Strong Unregistration Guarantees

This is by far the hardest issue to solve correctly. Here's a real-world scenario: right before a module unloads (in the main thread, say), it tells our Event system to unsubscribe a previously-subscribed callback. Without a strong guarantee, what will happen if another thread is currently calling our subscribed callback? As noted above, we don't want to be holding locks while calling callbacks, so waiting on a lock isn't going to wait for our callback to finish. What has happened in actual code is that the unsubscribe happens quickly, the module proceeds to unload, and then a crash occurs because another thread was still executing a function that was in the module. Or after unloading, objects were destructed since we would no longer get events, but with another thread in our callback function, a crash occurs because deleted memory was accessed.

Or the problem that I'm fixing right now: memory corruption occurs because a dependent structure was freed, but a race with the callback means that we were still changing things inside the structure.

It quickly becomes apparent that any request to unregister must wait for any other calls to finish. Also, once we return from the unregister function, it stands to reason that we cannot ever call the callback again. To do so would be violating the caller's unregistration request.

This then requires a strong ordering guarantee:
  1. Unregister function is called.
    1. WAIT for any calls to the callback in question to finish*.
    2. PREVENT any future calls to the callback.
  2. Return from the unregister function. At this point the caller can guarantee that our event system is free of the callback and it is safe to destroy structures.
"Ah," the astute and observant amongst you might notice, "what if the unregistration is from within the callback?!" This was our first point, above. If we WAIT for any calls to the callback to finish and the unregistration call is coming from the callback, we would wait forever. So we amend the line with the asterisk (*) above instead to say: "WAIT for any calls to the callback in question in other threads to finish."
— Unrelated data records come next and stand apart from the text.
(* carrier of the doubling L[C], as a subset of L x {0<1} (false < true) *)
Definition doubling_set (C : {set T}) : {set T * bool} :=
  [set p | if p.2 then (p.1 \notin down_set C) || (p.1 \in C)
           else p.1 \in down_set C].

Definition prod_le (p q : T * bool) : bool := le p.1 q.1 && (p.2 ==> q.2).

End FinPoset.

(* Lattices E[C_1,...,C_n] with every C_i a (nonempty) interval, up to
   isomorphism: the one-element lattice, and the doubling of such a lattice
   at an interval [a,b] with a <= b. A poset (T',le') is (isomorphic to)
   L[C] when an injective f : T' -> T * bool has image exactly the doubling
   set and reflects/preserves the order. *)
Inductive interval_doubling : forall T : finType, rel T -> Prop :=
| id_one (T : finType) (le : rel T) :
    #|T| = 1 -> (forall x, le x x) -> interval_doubling le
| id_double (T : finType) (le : rel T) (a b : T)
            (T' : finType) (le' : rel T') (f : T' -> T * bool) :
    interval_doubling le -> le a b ->
    injective f ->
    (forall p, p \in doubling_set le (interval le a b) <-> exists x, f x = p) ->
    (forall x y, le' x y = prod_le le (f x) (f y)) ->
    interval_doubling le'.

From mathcomp Require Import all_boot.
From mathcomp Require Import zify.

Set Implicit Arguments. Unset Strict Implicit. Unset Printing Implicit Defensive.

(* Write L' = L[a, b] and view its elements as points of L tagged with a copy
   (0 or 1).  The projection L' -> L has a lower and an upper adjoint, so it maps
   joins and meets of L' to joins and meets of L.  A chain of L' projects onto a
   chain of L with at most one point hit twice, so doubling raises the length by at
   most one, while every join-irreducible of L lifts to one of L' and (a, 1) is a
   new one.  Hence length <= #J for every E[C_1, ..., C_n] with intervals C_i, and
   equality forces each doubling to raise the length.  Then a maximum chain of L'
   projects onto a maximum chain of L whose doubled point lies above a, so a spine
   element p of L' projects into the spine of L, and above a if p is in copy 1.
   Given q < r, the elements u = (q \/ p) /\ r >= v = q \/ (p /\ r) have equal
   projections by induction; were they in different copies, p /\ r would be in
   copy 1 when p is (contradicting p /\ r <= v), and q \/ p in copy 0 when p is
   (contradicting u <= q \/ p). *)

Definition partial_order (T : finType) (le : rel T) : Prop :=
  [/\ reflexive le, transitive le & antisymmetric le].

Section PosetLength.
Variables (T : finType) (le : rel T).

Lemma chain_card_le (S : {set T}) : is_chain le S -> #|S| <= (poset_length le).+1.
Proof.
by move=> S_chain; apply: leq_trans (leqSpred _); exact: leq_bigmax_cond.
Qed.

Lemma poset_length_le n :
  (forall S : {set T}, is_chain le S -> #|S| <= n.+1) -> poset_length le <= n.
Proof. by move=> bound; rewrite /poset_length -subn1 leq_subLR add1n; apply/bigmax_leqP. Qed.
End PosetLength.

Section Poset.
Variables (T : finType) (le : rel T).
Hypotheses (le_refl : reflexive le) (le_trans : transitive le) (le_anti : antisymmetric le).

Lemma exists_lower_cover_above z x : plt le z x -> exists2 w, le z w & covers le x w.
Proof.
move=> z_lt_x; pose P w := le z w && plt le w x.
have Pz : P z by rewrite /P le_refl.
have [w /andP[z_le_w w_lt_x] w_max] := arg_maxnP (fun w => #|[set v | le v w]|) Pz.
exists w => //; rewrite /covers w_lt_x; apply/forallP => v.
apply/negP => /andP[/andP[w_le_v w_ne_v] v_lt_x].
have /w_max : P v by rewrite /P v_lt_x (le_trans z_le_w w_le_v).
apply/negP; rewrite -ltnNge; apply: proper_card; apply/properP; split.
  by apply/subsetP => t; rewrite !inE => /le_trans; apply.
exists v; rewrite !inE ?le_refl //; apply: contra w_ne_v => v_le_w.
by apply/eqP/le_anti; rewrite w_le_v.
Qed.
(* Every class $[\mathfrak{p}]\in\mathfrak{F}_4''$ contains a unique quadruple of the form $$p_1=(1,\tan a),\quad p_2=\infty,\quad p_3=(0,0),\quad p_4=(z,t),$$ where $a\in(-\pi/2,\pi/2)$ (in fact $a=\mathbb{A}(p_1,p_2,p_3)$), $z\in\mathbb{C}\setminus\{0\}$, $t\in\mathbb{R}$ and $t\neq |z|^2\tan a$. The map $\mathcal{B}_0:\mathfrak{F}_4''\to\mathcal{C}'(\mathfrak{H}^\star)$, $\mathcal{B}_0([\mathfrak{p}])=(z,t,e^{\tan a})$, is a well-defined bijection onto $$\mathcal{C}'(\mathfrak{H}^\star)=\{(z,t,r)\in(\mathbb{C}\setminus\{0\})\times\mathbb{R}\times\mathbb{R}_{>0}\;:\;\log r\neq t/|z|^2\}.$$ Consequently $\mathfrak{F}_4''$ inherits (by transport of structure via $\mathcal{B}_0$) the Kähler structure of the open subset $\mathcal{C}'(\mathfrak{H}^\star)$ of the Riemannian cone $\mathcal{C}(\mathfrak{H}^\star)$.
   Context: Let $\mathbb{C}^{2,1}$ denote $\mathbb{C}^3$ with the Hermitian form $\langle \mathbf z,\mathbf w\rangle=z_1\overline{w_3}+z_2\overline{w_2}+z_3\overline{w_1}$. The boundary $\partial\mathbf{H}^2_\mathbb{C}$ of complex hyperbolic plane is the set of complex lines of null vectors; it is identified with $(\mathbb{C}\times\mathbb{R})\cup\{\infty\}$, where $(z,t)$ corresponds to the line spanned by $(-|z|^2+it,\sqrt2 z,1)^T$ and $\infty$ to the line spanned by $(1,0,0)^T$. The group ${\rm PU}(2,1)$ (projectivised unitary group of $\langle\cdot,\cdot\rangle$) acts on $\partial\mathbf{H}^2_\mathbb{C}$. A $\mathbb{C}$-circle is the intersection of $\partial\mathbf{H}^2_\mathbb{C}$ with the projectivisation of a complex 2-dimensional subspace of $\mathbb{C}^{2,1}$ on which the form has signature $(1,1)$ (i.e. the boundary of a complex geodesic). Cartan's angular invariant of a triple of distinct boundary points with lifts $\mathbf p_i$ is $\mathbb{A}(p_1,p_2,p_3)=\arg\left(-\langle\mathbf p_1,\mathbf p_2\rangle\langle\mathbf p_2,\mathbf p_3\rangle\langle\mathbf p_3,\mathbf p_1\rangle\right)\in[-\pi/2,\pi/2]$. Let $\mathfrak{C}_4''$ be the set of ordered quadruples $\mathfrak{p}=(p_1,p_2,p_3,p_4)$ of pairwise distinct points of $\partial\mathbf{H}^2_\mathbb{C}$ such that: $p_1,p_2,p_3$ do not lie on a common $\mathbb{C}$-circle; $p_2,p_3,p_4$ do not lie on a common $\mathbb{C}$-circle; and $p_4$ is not in the orbit of $p_1$ under the subgroup of ${\rm PU}(2,1)$ fixing $p_2$ and $p_3$. Let $\mathfrak{F}_4''=\mathfrak{C}_4''/{\rm PU}(2,1)$ (diagonal action). The affine-rotational group $\mathfrak{H}^\star$ is $(\mathbb{C}\setminus\{0\})\times\mathbb{R}$ with product $(z,t)\star(w,s)=(zw,t+s|z|^2)$. On it, with $z=x+iy$, let $\mathbf{X}=x\partial_x+y\partial_y$, $\mathbf{Y}=x\partial_y-y\partial_x-2|z|^2\partial_t$, $\mathbf{T}=x\partial_y-y\partial_x$, let $\omega^\star=\frac{dt+2x\,dy-2y\,dx}{2|z|^2}$, and let $g^\star$ be the Riemannian metric for which $\{\mathbf X,\mathbf Y,\mathbf T\}$ is orthonormal. The Riemannian cone is $\mathcal{C}(\mathfrak{H}^\star)=\mathfrak{H}^\star\times\mathbb{R}_{>0}$ with metric $dr^2+r^2g^\star$, almost complex structure $\mathbb{J}\mathbf X=\mathbf Y$, $\mathbb{J}\mathbf Y=-\mathbf X$, $\mathbb{J}\mathbf T=-r\partial_r$, $\mathbb{J}(r\partial_r)=\mathbf T$, and 2-form $d(r^2\omega^\star/2)$; this is a Kähler manifold. *)

From Stdlib Require Import Reals.
Open Scope R_scope.

Record C := mkC { re : R; im : R }.
Definition C0 : C := mkC 0 0.
Definition C1 : C := mkC 1 0.
Definition RtoC (r : R) : C := mkC r 0.
Definition Cadd (a b : C) : C := mkC (re a + re b) (im a + im b).
Definition Cmul (a b : C) : C :=
  mkC (re a * re b - im a * im b) (re a * im b + im a * re b).
Definition Copp (a : C) : C := mkC (- re a) (- im a).
Definition Cconj (a : C) : C := mkC (re a) (- im a).
Definition Cnorm2 (a : C) : R := re a * re a + im a * im a.

Record V3 := mkV { c1 : C; c2 : C; c3 : C }.
Definition V0 : V3 := mkV C0 C0 C0.
Definition Vscale (l : C) (v : V3) : V3 :=
  mkV (Cmul l (c1 v)) (Cmul l (c2 v)) (Cmul l (c3 v)).
Definition Vadd (v w : V3) : V3 :=
  mkV (Cadd (c1 v) (c1 w)) (Cadd (c2 v) (c2 w)) (Cadd (c3 v) (c3 w)).

Definition herm (v w : V3) : C :=
  Cadd (Cadd (Cmul (c1 v) (Cconj (c3 w))) (Cmul (c2 v) (Cconj (c2 w))))
       (Cmul (c3 v) (Cconj (c1 w))).

Definition Mat3 := nat -> nat -> C.
Definition row_app (g : Mat3) (i : nat) (v : V3) : C :=
  Cadd (Cadd (Cmul (g i 0%nat) (c1 v)) (Cmul (g i 1%nat) (c2 v)))
       (Cmul (g i 2%nat) (c3 v)).
Definition Mapp (g : Mat3) (v : V3) : V3 :=
  mkV (row_app g 0%nat v) (row_app g 1%nat v) (row_app g 2%nat v).

(** U(2,1): matrices preserving the Hermitian form (automatically invertible,
    the form being non-degenerate). PU(2,1) acts on boundary points
    (projective null lines) through U(2,1). *)
Definition unitary21 (g : Mat3) : Prop :=
  forall v w, herm (Mapp g v) (Mapp g w) = herm v w.

(** A boundary point is represented by a lift: a nonzero null vector;
    two lifts represent the same point iff they span the same complex line. *)
Definition is_bpt (v : V3) : Prop := v <> V0 /\ herm v v = C0.
Definition same_line (v w : V3) : Prop :=
  exists l : C, l <> C0 /\ v = Vscale l w.

Definition bpt (z : C) (t : R) : V3 :=
  mkV (mkC (- Cnorm2 z) t) (Cmul (RtoC (sqrt 2)) z) C1.
Definition binf : V3 := mkV C1 C0 C0.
So our subscription process is pretty simple:
  1. Take the lock
  2. Append our subscription information to the std::vector (or similar)
  3. Unlock the lock
The notification process is a bit more complicated as it has to synchronize with the unsubscribe process:
  1. Take the lock
  2. Iterate over the std::vector (or similar) by index, skipping null entries. For each:
    1. Add the current thread identifier to a list of threads that are notifying.
    2. Unlock the lock
    3. Call the callback function
    4. Re-acquire the lock. At this point, the vector may have been reallocated and grown, and subsequent entries may have been unregistered. Any other thread could have done anything.
    5. Remove our current thread identifier from the list of threads that are notifying.
    6. Is a waiting flag set on the subscription? If so, notify the waiting thread (i.e. using a condition variable).
  3. Unlock the lock
And now, the pièce de résistance: the unsubscribe process:
  1. Take the lock
  2. Find the subscription to remove. If not found, unlock and return; otherwise:
  3. Set the entry in the std::vector to null, but it is not destroyed yet!
  4. Is the subscription currently being notified by a thread other than the current thread? If so, set a waiting flag on the subscription that is used in 2.6 above.
  5. Unlock the lock.
  6. If the waiting flag was set, wait on the condition variable for notification from 2.6 above. Otherwise it is safe to destroy the subscription and return.
  7. Re-acquire the lock.
  8. If the list of notifying threads contains threads besides the current thread go to step 5.
  9. Unlock the lock. It is now safe to destroy the subscription.
This will allow our unsubscribe to wait until no threads are notifying our subscription, or only our thread that is currently unsubscribing during notification.

Of course, there is a lot more nuance to this, especially when it comes to handling recursion (dispatching within a callback) or even just the complexity of working with multiple threads, but this should help you understand the concept of Basic Callback Hygiene.